Er hatte sich zu Beginn gesträubt mir seinen Namen zu verraten, aber als ich drohte die Toilettenkabine zu verlassen, wenn er mir nicht verriet wie er hieße, gab er grummelig seinen Namen preis. Es stellte sich heraus, dass er ebenfalls an meiner Universität studierte und daher würde er von nun an, mein Kontaktmann zu den Erinyen sein. Wenn ich das wollte. Die Wahrheit war, dass ich es selbst nicht wusste. „Habt ihr denn Beweise?", hatte ich durch die dünne Wand hindurch gefragt. „Irgendetwas, damit ich sicher sein kann, dass deine Behauptungen stimmen? Ich kann schließlich nicht alles, was ich als alltäglich angesehen habe, von jetzt auf gleich zum Teufel schicken." Es stimmte, ich hegte ein gewisses Misstrauen gegen Zyon aufgrund dieser einen E-Mail. Aber es war eben nur eine Nachricht, andere Informationen hatte ich nicht finden können. Aber diese wenigen Textzeilen reichten aus, dass ich nicht einfach aus der Kabine rannte und das kleine Buch verbrannte. „Natürlich habe ich die. Jede Menge sogar. Ich kann sie dir aber nicht hier zeigen." Ich richtete mich auf und drückte meine Hände flach an die Wand, so als ob ich sie diesem jungen Mann, auf der anderen Seite, bittend auf die Schultern legen würde. „Aber du wirst sie mir zeigen, nicht wahr?" Ich hörte wie er seine Tür entriegelte und ich riss mich zusammen es ihm nicht gleich zu tun. „Das werde ich. Hör zu, du kommst morgen acht Uhr ins Plaza. Sag deinen Eltern einfach, dass du ein Date hast oder etwas ähnliches. Behalte den Armreif, aber mach ihn nicht noch einmal ran, bis ich es dir sage." Bevor ich antworten konnte, fiel die Tür ins Schloss und er war weg. Schwungvoll öffnete ich meine Kabinentür, und  fand mich einem leeren Raum gegenüber. Ich weiß ja noch nicht mal wie er aussieht, schoss es mir als einziges durch den Kopf als ich mich zu meinem nächsten Seminar aufmachte. Als wäre sein Aussehen meine einzige Sorge. Ich war gerade dabei mit einer Untergrundorganisation gemeinsame Sache zu machen.

***

Ich hatte meinen Eltern tatsächlich erzählt, dass ich auf ein Date gehen würde. Meine Mutter war ganz aus dem Häuschen und half mir ein passendes Outfit auszusuchen. Mein Vater allerdings schien sich mehr für den familiären Hintergrund meiner Verabredung zu interessieren, als für alles andere. „Kommt er denn aus gutem Hause?"

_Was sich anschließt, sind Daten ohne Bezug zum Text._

Theorem corollary3p2 (R : realType) (X : normedModType R) (Y : lmodType R)
    (rho : Y -> R) (tau theta r : R) (phi : X -> Y) :
  convex_modular rho -> rho_complete rho -> delta2 rho tau ->
  0 < theta -> ln (tau ^+ 3 / 2) / ln 2 < r ->
  (forall x, modular_space rho (phi x)) ->
  (forall x y z : X,
      rho (phi (x + y - z) + phi (x + z - y) + phi (y + z - x)
           - phi (x - y) - phi (x - z) - phi (z - y)
           - phi x - phi y - phi z)
      <= theta * (`|x| `^ r + `|y| `^ r + `|z| `^ r)) ->
  exists! h : X -> Y,
    [/\ forall x, modular_space rho (h x),
        quadratic h &
        forall x, rho (phi x - h x)
          <= 3 * theta * tau ^+ 2 / (2 * (2 `^ (r + 1) - tau ^+ 3)) * `|x| `^ r].
Proof.
move=> rho_convex rho_compl rho_delta2 theta_gt0 r_gt phi_mod phi_defect_le.
have tau_gt0 := delta2_gt0 rho_delta2.
have tau3_lt2P : tau ^+ 3 < 2 * 2 `^ r.
  rewrite mulrC -ltr_pdivrMr //; apply: (lt_powR_log _ _ r_gt).
  - by rewrite divr_gt0 ?exprn_gt0.
  - by rewrite ltr1n.
have -> : 2 `^ (r + 1) = 2 * 2 `^ r.
  by rewrite powRD ?pnatr_eq0 ?implybT // powRr1 // mulrC.
have [tau_lt2 | tau_ge2] := ltP tau 2.
  have mod_eq0 := delta2_lt2_modular_space_eq0 rho_convex rho_delta2 tau_lt2.
  exists (fun=> 0); split.
    split=> [x | x y | x]; first exact: modular_space0.
      by rewrite !scaler0 addr0.
    rewrite (mod_eq0 _ (phi_mod x)) subrr modular0 // mulr_ge0 ?powR_ge0 //.
    apply: divr_ge0; last by rewrite mulr_ge0 // subr_ge0 ltW.
    by rewrite !mulr_ge0 ?exprn_ge0 ?(ltW theta_gt0) ?(ltW tau_gt0).
  by move=> h [h_mod _ _]; apply: funext => x; rewrite (mod_eq0 _ (h_mod x)).
apply: (quadratic_stability (N := fun x => `|x| `^ r)) => //.
- exact: ltW.
- move=> x; rewrite normrZ ger0_norm ?invr_ge0 // powRM ?invr_ge0 //.
  by rewrite powRV // mulrC.
Qed.
(* Let $0\neq g\in\mathbb F_q[z]$, write $g=z^rg_0$ with $r\ge0$ and $g_0(0)\neq0$, and let $d_0=\deg g_0+m$ and $F_{g_0}(z)=P(z)g_0(z)g_0^*(z)$. Let $N\ge0$. Then $h\in V_N$ lies in the radical of the bilinear form $B_{g,N}(h,w)=B_A(gh,gw)$ on $V_N$ (i.e. $B_{g,N}(h,w)=0$ for all $w\in V_N$) if and only if \[ [z^j]\,F_{g_0}(z)h(z)=0\qquad\text{for all } d_0\le j\le d_0+N. \] In particular, $\dim\operatorname{rad}(B_{g,N})=\dim\operatorname{rad}(B_{g_0,N})$.
   Context: $q$ is an odd prime power; fix $m\ge0$, $c_0,\dots,c_m\in\mathbb F_q$ with $c_m\ne0$, $A(z)=c_0+\tfrac12\sum_{\ell=1}^m c_\ell(z^\ell+z^{-\ell})$ and $P(z)=z^mA(z)\in\mathbb F_q[z]$. $B_A(f,h)=\operatorname{CT}\,A(z)f(z)h(z^{-1})$ for polynomials $f,h$, where $\operatorname{CT}$ is the constant term of a Laurent polynomial. $V_N$ is the space of polynomials of degree $\le N$, $[z^j]F$ is the coefficient of $z^j$ in $F$, and for $g_0$ of degree $k_0$, $g_0^*(z)=z^{k_0}g_0(z^{-1})$. *)

From HB Require Import structures.
From mathcomp Require Import all_boot all_order all_algebra all_field.
Set Implicit Arguments. Unset Strict Implicit. Unset Printing Implicit Defensive.
Import Order.TTheory GRing.Theory Num.Theory.
Local Open Scope ring_scope.

(* Coefficient of z^k (k : int) in the Laurent polynomial
   A(z) = c_0 + 1/2 sum_{l=1}^m c_l (z^l + z^-l). Only c 0 .. c m are used. *)
Definition Acoef (F : fieldType) (c : nat -> F) (m : nat) (k : int) : F :=
  if (`|k| <= m)%N then (if k == 0 then c 0%N else c `|k|%N / 2) else 0.

(* B_A(f,h) = CT A(z) f(z) h(z^-1), written out coefficientwise:
   the term f_i z^i * h_j z^-j * a_k z^k contributes iff k = j - i. *)
Definition BA (F : fieldType) (c : nat -> F) (m : nat) (f h : {poly F}) : F :=
  \sum_(i < size f) \sum_(j < size h) f`_i * h`_j * Acoef c m (j%:Z - i%:Z).

(* P(z) = z^m A(z) *)
Definition Ppoly (F : fieldType) (c : nat -> F) (m : nat) : {poly F} :=
  \poly_(i < (2 * m).+1) Acoef c m (i%:Z - m%:Z).

(* g0^*(z) = z^{deg g0} g0(z^-1) *)
Definition recip (F : fieldType) (g0 : {poly F}) : {poly F} :=
  \poly_(i < size g0) g0`_(size g0 - 1 - i).

Definition gram (F : fieldType) (c : nat -> F) (m : nat) (g : {poly F}) (N : nat)
  : 'M[F]_(N.+1) :=
  \matrix_(i < N.+1, j < N.+1) BA c m (g * 'X^i) (g * 'X^j).

(* The radical of B_{g,N} (coefficient row vectors h with h *m gram = 0,
   i.e. B_{g,N}(h,w) = 0 for all w), as a row space. *)
Definition radmx (F : fieldType) (c : nat -> F) (m : nat) (g : {poly F}) (N : nat)
  : 'M[F]_(N.+1) := kermx (gram c m g N).

From HB Require Import structures.
From mathcomp Require Import all_boot all_order all_algebra all_field.
From mathcomp Require Import zify ring.
Import Order.TTheory GRing.Theory Num.Theory.
Local Open Scope ring_scope.

(* B_A(f,u) = sum_j u_j [z^(j+m)] (f P); for f = g0 h and u = g0 w this is
   sum_s w_s [z^(s+d0)] (P g0 g0^* h), as multiplying by g0^* turns the
   correlation with g0 into an ordinary product.  Testing with w = z^k, k <= N,
   gives the criterion.  The factor z^r cancels in CT f(z) u(1/z), so g and g0
   even have the same Gram matrix. *)

Lemma sum_ord_widen0 (V : nmodType) n n' (F : nat -> V) : (n <= n')%N ->
  (forall i, (n <= i)%N -> F i = 0) -> \sum_(i < n) F i = \sum_(i < n') F i.
Proof.
move=> le_nn' F0; rewrite -(subnKC le_nn') big_split_ord /=.
by rewrite [X in _ = _ + X]big1 ?addr0 // => i _; rewrite F0 ?leq_addr.
Qed.

Arguments sum_ord_widen0 {V n} n' F.

Lemma sum_coefM (F : comNzSemiRingType) (p q : {poly F}) (R : nat -> F) :
  \sum_(j < size (p * q)) (p * q)`_j * R j =
  \sum_(s < size q) q`_s * \sum_(t < size p) p`_t * R (t + s)%N.
Proof.
rewrite (sum_ord_widen0 (size p + size q) (fun j => (p * q)`_j * R j)); last first.
- by move=> i le_pqi; rewrite nth_default // mul0r.
- by rewrite (leq_trans (size_polyMleq _ _)) // leq_pred.
under eq_bigr => j _ do
  rewrite -{1}(coefK p) poly_def mulr_suml coef_sum mulr_suml.
rewrite exchange_big /=.
under [RHS]eq_bigr => s _ do rewrite mulr_sumr.
rewrite [RHS]exchange_big /=; apply: eq_bigr => t _.
have le_t : (t <= size p + size q)%N by rewrite ltnW // ltn_addr.
rewrite -(subnKC le_t) big_split_ord /= big1 ?add0r; last first.
  by move=> j _; rewrite -scalerAl coefZ coefXnM ltn_ord mulr0 mul0r.
rewrite [RHS](sum_ord_widen0 (size p + size q - t) (fun s => q`_s * (p`_t * R (t + s)%N)));
  last first.
- by move=> i le_qi; rewrite nth_default // mul0r.
- by rewrite leq_subRL ?leq_add2r // ltnW.
apply: eq_bigr => s _; rewrite -scalerAl coefZ coefXnM ltnNge leq_addr /= addKn.
by rewrite mulrCA mulrA.
Qed.

Section BilinearForm.
Variables (F : fieldType) (c : nat -> F) (m : nat).

Lemma Acoef_eq0 k : (m < `|k|)%N -> Acoef c m k = 0.
Proof. by move=> lt_mk; rewrite /Acoef leqNgt lt_mk. Qed.

Lemma coef_Ppoly i : (Ppoly c m)`_i = Acoef c m (i%:Z - m%:Z).
Proof.
rewrite /Ppoly coef_poly; case: ifP => // /negbT; rewrite -leqNgt => le_i.
by rewrite Acoef_eq0 //; lia.
Qed.

Lemma BA_Ppoly (f u : {poly F}) n : (size u <= n)%N ->
  BA c m f u = \sum_(j < n) u`_j * (f * Ppoly c m)`_(j + m).
Proof.
move=> le_un; rewrite -(sum_ord_widen0 _ (fun j => u`_j * (f * Ppoly c m)`_(j + m)) le_un);
  last first.
  by move=> j le_uj; rewrite nth_default // mul0r.
rewrite /BA exchange_big /=; apply: eq_bigr => j _.
rewrite coefM mulr_sumr.
transitivity (\sum_(i < (j + m).+1) u`_j * (f`_i * Acoef c m (j%:Z - i%:Z))); last first.
  apply: eq_bigr => i _; rewrite coef_Ppoly; congr (_ * (_ * Acoef _ _ _)).
  by have := ltn_ord i; lia.
rewrite (sum_ord_widen0 (size f + (j + m).+1)
  (fun i => f`_i * u`_j * Acoef c m (j%:Z - i%:Z)) (leq_addr _ _)); last first.
  by move=> i le_fi; rewrite nth_default // !mul0r.
rewrite [RHS](sum_ord_widen0 (size f + (j + m).+1)
  (fun i => u`_j * (f`_i * Acoef c m (j%:Z - i%:Z))) (leq_addl _ _)); last first.
  by move=> i lt_i; rewrite Acoef_eq0 ?mulr0 //; lia.
by apply: eq_bigr => i _; rewrite mulrCA mulrA.
Qed.

Lemma BA_XnM r (f u : {poly F}) : BA c m ('X^r * f) ('X^r * u) = BA c m f u.
Proof.
have le_Xu : (size ('X^r * u)%R <= r + size u)%N.
  by rewrite (leq_trans (size_polyMleq _ _)) // size_polyXn.
rewrite (BA_Ppoly _ _ _ le_Xu) (BA_Ppoly _ _ _ (leqnn _)) big_split_ord /=.
rewrite big1 ?add0r => [|j _]; last by rewrite coefXnM ltn_ord mul0r.
apply: eq_bigr => j _; rewrite -mulrA !coefXnM ltnNge leq_addr /= addKn.
by rewrite -addnA ltnNge leq_addr /= addKn.
Qed.

Lemma coef_mul_recip (Q g0 : {poly F}) n :
  (Q * recip g0)`_(n + (size g0).-1) = \sum_(t < size g0) g0`_t * Q`_(n + t).
Proof.
have [->|nz_g0] := eqVneq g0 0.
  by rewrite /recip size_poly0 big_ord0 poly_def big_ord0 mulr0 coef0.
have sz : size g0 = (size g0).-1.+1 by rewrite prednK // size_poly_gt0.
rewrite coefMr
  -(@sum_ord_widen0 _ (size g0) _ (fun j => Q`_(n + (size g0).-1 - j) * (recip g0)`_j));
  last first.
- by move=> i le_gi; rewrite /recip coef_poly ltnNge le_gi mulr0.
- by rewrite {1}sz ltnS leq_addl.
rewrite [in RHS]sz (reindex_inj rev_ord_inj) /= -sz.
apply: eq_bigr => i _; rewrite /recip coef_poly /=.
have lt_i := ltn_ord i; rewrite ifT; last by lia.
by rewrite mulrC; congr (_`_ _ * _`_ _); lia.
Qed.

Lemma BA_mul_coef (g0 h w : {poly F}) :
  BA c m (g0 * h) (g0 * w) =
  \sum_(s < size w) w`_s * (Ppoly c m * g0 * recip g0 * h)`_(s + ((size g0).-1 + m)).
Proof.
rewrite (BA_Ppoly _ _ _ (leqnn _)) (sum_coefM _ _ _ (fun j => (g0 * h * Ppoly c m)`_(j + m))).
apply: eq_bigr => s _; congr (_ * _).
have -> : Ppoly c m * g0 * recip g0 * h = g0 * h * Ppoly c m * recip g0 by ring.
rewrite (_ : s + _ = s + m + (size g0).-1)%N ?coef_mul_recip; last by lia.
by apply: eq_bigr => t _; rewrite [(t + s)%N]addnC addnAC.
Qed.

Lemma BA_radicalP (g0 h : {poly F}) N :
  (forall w : {poly F}, (size w <= N.+1)%N -> BA c m (g0 * h) (g0 * w) = 0) <->
  (forall j, ((size g0).-1 + m <= j <= (size g0).-1 + m + N)%N ->
     (Ppoly c m * g0 * recip g0 * h)`_j = 0).
Proof.
set d0 := ((size g0).-1 + m)%N; split.
- move=> rad_h j /andP[le_d0j le_jN].
  have := rad_h ('X^(j - d0)); rewrite size_polyXn ltnS leq_subLR => /(_ le_jN).
  rewrite BA_mul_coef size_polyXn big_ord_recr /= big1 ?add0r; last first.
    by move=> i _; rewrite coefXn (ltn_eqF (ltn_ord i)) mul0r.
  by rewrite coefXn eqxx mul1r subnK.
- move=> coef_h0 w le_wN; rewrite BA_mul_coef; apply: big1 => s _.
  by rewrite coef_h0 ?mulr0 //; have := ltn_ord s; lia.
Qed.

Lemma gram_XnM r (g : {poly F}) N : gram c m ('X^r * g) N = gram c m g N.
Proof. by apply/matrixP => i j; rewrite !mxE -!mulrA BA_XnM. Qed.

End BilinearForm.

Theorem lemma5p1 (F : finFieldType) (Hodd : odd #|F|)
  (m : nat) (c : nat -> F) (hcm : c m != 0)
  (g : {poly F}) (r : nat) (g0 : {poly F})
  (hg0 : g != 0) (hg : g = 'X^r * g0) (hg00 : g0`_0 != 0)
  (N : nat) :
  let d0 := ((size g0).-1 + m)%N in
  let Fg0 := Ppoly c m * g0 * recip g0 in
  (forall h : {poly F}, (size h <= N.+1)%N ->
     ((forall w : {poly F}, (size w <= N.+1)%N -> BA c m (g * h) (g * w) = 0)
      <-> (forall j : nat, (d0 <= j <= d0 + N)%N -> (Fg0 * h)`_j = 0)))
  /\ \rank (radmx c m g N) = \rank (radmx c m g0 N).
Proof.
move=> d0 Fg0; rewrite hg; split; last by rewrite /radmx gram_XnM.
move=> h _; apply: iff_trans _ (BA_radicalP _ c m g0 h N).
by split=> rad_h w /rad_h; rewrite -!mulrA BA_XnM.
Qed.
(* Let $G=(V,E)$ be an $n$-node graph, $\mathcal{C}$ a clustering of $G$ produced by $\mathbf{cluster}(G,e)$ for some integer $e\ge 1$, and $d,m$ positive integers. Let $H$ be the subgraph of $G$ on vertex set $V$ containing exactly the edges of $\mathbf{multspan}(G)$ and the edges of the paths in $\mathcal{S} = \mathbf{createStrips}(G, \mathcal{C}, d, m)$. Let $u,v\in V$ be such that $\rho_G(u,v)$ intersects exactly $k$ clean clusters and fewer than $\frac{k}{2}$ strips. Then $\delta_G(u,v) \ge \Omega\!\left(\frac{kd}{m}\right)$.
   Context: $G$ is unweighted and undirected; $\delta_G$ is shortest-path distance; the constant in $\Omega(\cdot)$ is absolute. For each pair of nodes $u,v$ a shortest path $\rho_G(u,v)$ is fixed, the choice being consistent and such that any two chosen shortest paths intersect on at most one (contiguous) subpath. $\mathbf{multspan}(G)$ is the subgraph produced by the greedy multiplicative spanner algorithm of Althöfer et al. with parameter $\log n$ ($O(n)$ edges, multiplicative stretch $2\log n -1$). The procedure $\mathbf{cluster}(G,e)$: initialize $\mathcal{C} = \emptyset$, unmark all nodes; while there is an unmarked node $u$ with at least $e-1$ unmarked neighbors, let $C$ be $u$ together with any $e-1$ of its unmarked neighbors, mark all nodes of $C$, add $C$ to $\mathcal{C}$; return $\mathcal{C}$. Elements of $\mathcal{C}$ are clusters. The procedure $\mathbf{createStrips}(G,\mathcal{C},d,m)$: initialize $\mathcal{S}=\emptyset$; while there exist $u,v \in V$ such that (1) $\delta_G(u,v) \le d$, (2) $\rho_G(u,v)$ intersects (shares a node with) at most $m$ different paths in $\mathcal{S}$, and (3) $\rho_G(u,v)$ intersects exactly $m$ clusters that share no node with any path in $\mathcal{S}$, add $\rho_G(u,v)$ to $\mathcal{S}$; return $\mathcal{S}$. The paths in $\mathcal{S}$ are strips. A cluster is clean if it shares no node with any strip. A path intersects a strip or cluster if they share a node. *)

(* Graphs: a finite simple graph is a symmetric irreflexive
   relation [adj : rel V] on a finType V (n = #|V| nodes).  Paths are
   vertex sequences [seq V] (first vertex included). *)
From mathcomp Require Import all_boot.
Set Implicit Arguments. Unset Strict Implicit. Unset Printing Implicit Defensive.

Section Graph.
Variables (V : finType) (adj : rel V).

Definition walk_of_len (u v : V) (n : nat) : bool :=
  [exists t : n.-tuple V, path adj u t && (last u t == v)].

(* shortest-path distance delta_G(u,v): least n < #|V| with such a walk
   (a shortest path has < #|V| edges); #|V| if v is unreachable *)
Definition dist (u v : V) : nat := find (walk_of_len u v) (iota 0 #|V|).

Definition rho_shortest (rho : V -> V -> seq V) : Prop :=
  forall u v, exists p, [/\ rho u v = u :: p, path adj u p, last u p = v
                          & size p = dist u v].

Definition rho_consistent (rho : V -> V -> seq V) : Prop :=
  forall u v (x0 : V) i j, i <= j -> j < size (rho u v) ->
    rho (nth x0 (rho u v) i) (nth x0 (rho u v) j)
    = take (j - i).+1 (drop i (rho u v)).

Definition contiguous_in (p q : seq V) : Prop :=
  forall (x0 : V) i l j, i <= l -> l <= j -> j < size p ->
    nth x0 p i \in q -> nth x0 p j \in q -> nth x0 p l \in q.

Definition rho_intersect_ok (rho : V -> V -> seq V) : Prop :=
  forall u v x y, contiguous_in (rho u v) (rho x y).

„Was machen seine Eltern beruflich?"

Auf seine Fragen antwortete ich ausweichend und zog mir hier und da etwas aus der Nase. Schließlich wusste ich rein gar nicht über Chris. Als meine Mutter mein finales Outfit mit einem Kopfnicken absegnete, pochte mir mein Herz bis zum Hals. Für meine Eltern war meine Aufregung auf das scheinbare Date zurückzuführen, doch Grund für meinen hohe Herzschlag war die Ungewissheit. Was würde mich erwarten und vor allem: was würde ich heute Abend herausfinden? In einem unbeobachteten Moment ließ ich den silbernen Armreif in meine kleine schwarze Tasche gleiten und betrachtete mich ein letztes Mal im Spiegel. Ich trug ein dunkelgrünes, schlichtes Kleid mit Glockenärmeln. Meine Beine steckten in dünnen schwarzen Strumpfhosen, durch welche man meine Haut hindurchschimmern sah. Schwarze Stiefeletten rundeten mein Outfit ab. Meine Haare trug ich zu einem hohen Pferdeschwanz gebunden und in meinen Ohren steckten schlichte silberne Stecker. Ich schüttelte den Kopf über mich selbst. Ich tat ja schon fast so, als ob ich wirklich eine Verabredung hätte.

Ich durfte das Auto meines Vaters nehmen, was mir sehr recht kam, denn durch das herbstliche Wetter zu laufen wäre alles andere als gemütlich. Das Plaza war ein Restaurant in der Nähe des Campus und war ein beliebter Treffpunkt unter uns Studenten. Das edle Ambiente spiegelte sich allerdings in den Preisen wieder, aber aufs Geld musste in dieser Gegend niemand achten.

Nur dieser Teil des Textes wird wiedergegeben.